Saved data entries
------------
(* $\mathbb{R}_{\mathcal{E}^2}\subsetneq\mathbb{R}_{\mathcal{E}^3}$; that is, every $\mathcal{E}^2$-computable real is $\mathcal{E}^3$-computable, and there exists a real number $\alpha$ that is $\mathcal{E}^3$-computable but not $\mathcal{E}^2$-computable.
   Context: $\mathbb{N}=\{0,1,2,\dots\}$. Initial functions: $Z(x)=0$, $S(x)=x+1$, projections $P^n_i(x_1,\dots,x_n)=x_i$. Define $f_0(x,y)=x+1$, $f_1(x,y)=x+y$, $f_2(x,y)=xy$, and for $n\ge2$: $f_{n+1}(x,0)=1$, $f_{n+1}(x,y+1)=f_n(x,f_{n+1}(x,y))$. A function $f$ is obtained by primitive recursion from $g:\mathbb{N}^{m-1}\to\mathbb{N}$, $h:\mathbb{N}^{m+1}\to\mathbb{N}$ if $f(0,\bar x)=g(\bar x)$ and $f(x+1,\bar x)=h(x,f(x,\bar x),\bar x)$; it is obtained by bounded primitive recursion from $g,h,j$ if moreover $f(x,\bar x)\le j(x,\bar x)$ for all arguments. The Grzegorczyk class $\mathcal{E}^n$ is the smallest set of functions containing the initial functions and $f_n$ and closed under composition and bounded primitive recursion (with $g,h,j$ in the class). For a class $\mathcal{F}$ of functions $\mathbb{N}^k\to\mathbb{N}$, an $\mathcal{F}$-sequence is $A(x)=\frac{f(x)-g(x)}{h(x)+1}$ with $f,g,h:\mathbb{N}\to\mathbb{N}$ in $\mathcal{F}$, and $\alpha\in\mathbb{R}$ is $\mathcal{F}$-computable if some $\mathcal{F}$-sequence $A$ satisfies $|A(x)-\alpha|\le\frac1{x+1}$ for all $x$; $\mathbb{R}_{\mathcal{F}}$ denotes the set of $\mathcal{F}$-computable reals. *)

From mathcomp Require Import all_boot.
From Stdlib Require Import Reals.

Set Implicit Arguments.
Unset Strict Implicit.

Definition vec (k : nat) := 'I_k -> nat.
Definition fn (k : nat) := vec k -> nat.

Definition vcons (k : nat) (a : nat) (v : vec k) : vec k.+1 :=
  fun i => match unlift ord0 i with None => a | Some j => v j end.
Definition vtail (k : nat) (v : vec k.+1) : vec k := fun i => v (lift ord0 i).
------------
Provide only the count of lines in the records above that hold the word "Implicit".

## Written answer
2